Будущий израильский поэт Хези Лескли родился в семье, только что репатриировавшейся в Израиль из Чехии. И первый серьезный скандал произошел тогда, когда он шестилетним ребенком заявил матери, что будет разговаривать только на иврите. Не по рождению, а по собственной воле поэт выбрал язык, который стал ему родным.

Свою творческую жизнь Лескли начинал как артист балета, потом вполне успешно занимался перформансом и фотографией, но в итоге отказался от всего этого, полностью сосредоточившись на поэзии. Впрочем, телесность, пластичность и зримая образность прочих искусств сохранились в его стихах. Слово для Хези Лескли материально, предметно, определения приклеены намертво, так, что не только не оторвать, но и не отграничить.

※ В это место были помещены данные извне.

(* Only the positive parts of the three weights differ.  With v i = nu_(i+1) and
   w c = nu'_(c+1) the row and column lengths of the Young diagram of nu, all the
   positive-part sums are sums over its cells (i, c), c < v i <-> i < w c, of simple
   weights:
     |nu| = sum v_i = sum w_c = sum theta(nu)   (cells right of / on-or-below the diagonal),
     sum v_i^2 + sum w_c^2 = sum 2c w_c + sum 2(i+1) v_i,
     sum (v_i - i - 1)_+^2 + sum 2(i+1) v_i = sum v_i^2 + sum (w_c - c)_+^2.
   Each follows by exchanging the order of summation over the diagram and comparing
   the weights cell by cell. *)

From Pilot Require Import Defs.
From mathcomp Require Import all_boot all_order all_algebra.
From mathcomp Require Import complex.
From mathcomp Require Import zify ring.
Import Order.TTheory GRing.Theory Num.Theory.

Set Implicit Arguments.
Unset Strict Implicit.
Unset Printing Implicit Defensive.

Lemma sum_odd n : \sum_(u < n) (2 * u + 1) = n ^ 2.
Proof. by elim: n => [|n IHn]; rewrite ?big_ord0 // big_ord_recr /= IHn; lia. Qed.

Lemma sum_ord_const n a : \sum_(u < n) a = n * a.
Proof. by rewrite sum_nat_const card_ord. Qed.

Lemma sum_ord_shift n s (f : nat -> nat) :
  \sum_(c < n) (s <= c) * f (c - s) = \sum_(u < n - s) f u.
Proof.
elim: n => [|n IHn]; first by rewrite !big_ord0.
rewrite big_ord_recr /= IHn; case: (leqP s n) => [le_sn | lt_ns] /=.
- by rewrite subSn // big_ord_recr mul1n.
- by rewrite mul0n addn0 (eqP (ltnW lt_ns)) (eqP lt_ns).
Qed.

Lemma sum_ord_ge n s : \sum_(c < n) (s <= c) = n - s.
Proof.
rewrite -[RHS]muln1 -sum_ord_const -(sum_ord_shift n s (fun=> 1)).
by apply: eq_bigr => c _; rewrite muln1.
Qed.

Lemma sum_ord_ge_odd n s :
  \sum_(c < n) (s <= c) * (2 * (c - s) + 1) = (n - s) ^ 2.
Proof. by rewrite (sum_ord_shift n s (fun u => 2 * u + 1)) sum_odd. Qed.

Lemma nth_leq_sumn s i : nth 0 s i <= sumn s.
Proof.
elim: s i => [|a s IHs] [|i] //=; first exact: leq_addr.
exact: leq_trans (IHs i) (leq_addl _ _).
Qed.

Lemma ltn_nth_count s c i : sorted geq s ->
  (c < nth 0 s i) = (i < count (fun a => c < a) s).
Proof.
elim: s i => [|a s IHs] i /=; first by rewrite nth_nil.
move=> sorted_as; have sorted_s := path_sorted sorted_as.
have le_s_a : all (fun b => b <= a) s.
  apply: (order_path_min _ sorted_as) => p q r /= le_qp le_rq.
  exact: leq_trans le_rq le_qp.
case: (ltnP c a) => [lt_ca | le_ac].
  by case: i => [|i] //=; rewrite IHs.
have le_s_c : all (fun b => b <= c) s.
  by apply: sub_all le_s_a => b /= le_ba; exact: leq_trans le_ba le_ac.
have -> : count (fun b => c < b) s = 0.
  apply/eqP; rewrite -leqn0 leqNgt -has_count.
  by apply/hasPn => b /(allP le_s_c); rewrite -leqNgt.
case: i => [|i] /=; first by rewrite ltnNge le_ac.
case: (ltnP i (size s)) => [lt_is | le_si]; last by rewrite nth_default.
by apply/negbTE; rewrite -leqNgt (allP le_s_c) ?mem_nth.
Qed.

Section ConjugateSequences.

Variables (L : nat) (v w : nat -> nat).
Hypotheses (v_le : forall i, v i <= L) (w_le : forall c, w c <= L).
Hypothesis v_w_conj : forall i c, (c < v i) = (i < w c).

Lemma exchange_diagram (g : nat -> nat -> nat) :
  \sum_(i < L) \sum_(c < v i) g i c = \sum_(c < L) \sum_(i < w c) g i c.
Proof.
have widen n (F : nat -> nat) : n <= L -> \sum_(c < n) F c = \sum_(c < L) (c < n) * F c.
  move=> le_nL; rewrite (big_ord_widen L F le_nL) big_mkcond.
  by apply: eq_bigr => c _; case: (c < n); rewrite ?mul1n.
under eq_bigr => i _ do rewrite (widen _ (g i) (v_le i)).
under [RHS]eq_bigr => c _ do rewrite (widen _ (g^~ c) (w_le c)).
rewrite exchange_big; apply: eq_bigr => c _; apply: eq_bigr => i _.
by rewrite v_w_conj.
Qed.

Lemma sum_conj : \sum_(i < L) v i = \sum_(c < L) w c.
Proof.
have := exchange_diagram (fun _ _ => 1).
under eq_bigr => i _ do rewrite sum_ord_const muln1.
by under [RHS]eq_bigr => c _ do rewrite sum_ord_const muln1.
Qed.

Lemma sum_sqr_conj :
  \sum_(i < L) v i ^ 2 + \sum_(c < L) w c ^ 2
  = \sum_(c < L) 2 * c * w c + \sum_(i < L) 2 * i.+1 * v i.
Proof.
under eq_bigr => i _ do rewrite -sum_odd.
under [X in _ + X = _]eq_bigr => c _ do rewrite -sum_odd.
under [X in _ = X + _]eq_bigr => c _ do rewrite mulnC -sum_ord_const.
under [X in _ = _ + X]eq_bigr => i _ do rewrite mulnC -sum_ord_const.
rewrite -(exchange_diagram (fun i c => 2 * i + 1)) -(exchange_diagram (fun i c => 2 * c)).
rewrite -!big_split; apply: eq_bigr => i _; rewrite -!big_split; apply: eq_bigr => c _ /=.
lia.
Qed.

Lemma sum_frobenius : \sum_(i < L) ((v i - i.+1) + (w i - i)) = \sum_(i < L) v i.
Proof.
rewrite big_split /=.
under eq_bigr => i _ do rewrite -sum_ord_ge.
under [X in _ + X = _]eq_bigr => c _ do rewrite -sum_ord_ge.
under [RHS]eq_bigr => i _ do rewrite -[v i]muln1 -sum_ord_const.
rewrite -(exchange_diagram (fun i c => c <= i)) -big_split; apply: eq_bigr => i _.
rewrite -big_split; apply: eq_bigr => c _ /=.
by case: (ltnP i c).
Qed.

Такой взгляд на слово декларируется в первом же стихотворении сборника «Палец» – «Новые губы». Губы здесь новые, потому что они уже не часть лица, но – в буквальном смысле – часть речи.

После одного слова, чьё значение сейчас не имеет значения,
– губы покинут
погружённое в воду лицо и покусанные
предметы. Вопросы и ответы,
они же – вопросы, не
промелькнут больше между ними:
в чём предназначение стакана, что стои́т
рядом с бронзовым зверем и выуженной из молчания
книгой, чтоб описать
наши злодеяния со столь незначительным успехом?
Какова глубина одетого и одеваемого тела?
А река, где же река?

В поэме «Госпожа Левенберг» Лескли обращается уже не просто к физиологии речи, а к её эротике:

От часов чаепития и голода треснул гонг, и его пришёл
починить мускулистый подросток, ой,
какая линия предплечья,
язык старухи учится линии молодого предплечья.

«Госпожа Левенберг» вообще, может быть, оказывается квинтэссенцией творческого метода Хези Лескли: здесь каждое слово оказывается именем, плотью, так что древний спор номиналистов и реалистов утрачивает свой смысл, да и сам реализм честнейшим образом обретает приставку «сюр». Переливы, преображения зримого мира не нужно придумывать, достаточно просто взглянуть, чтобы их увидеть. И даже угол зрения менять не нужно, просто подобрать правильные слова для того, что ты уже видел тысячу раз – правда, не замечая, потому что вслух ничего не называл. «Пожиравшие цвет комнаты и краски, пожиравшие цвет» – всё зримое существует, только пока ты произносишь его имя.

Сюжет поэмы тоже дробится, расплывается, но всё же поддаётся определённому пересказу. Перед нами апелляция к кэролловской «Алисе», но ещё более подземной, более зазеркальной: страна чудес здесь – квартира немолодой женщины, а путешественник – странный подросток-ремонтник. Про него не поймешь, соблазняемый он или соблазняющий, существует ли он в реальности или в воображении, а если только в воображении, то в чьём – своём или её?

Сюрреализм Хези Лескли оказывается одновременно и гиперреализмом. Поэт не придумывает, он смотрит и видит, наблюдательность его парадоксальна, но наблюдения бесспорны: «пальцы ног гостя приближаются к жителям сада» со столь же неумолимой вероятностью, с какой и «холодный виноград / живёт в холодильнике» (из стихотворения «Кусты, принципы – пассаж»).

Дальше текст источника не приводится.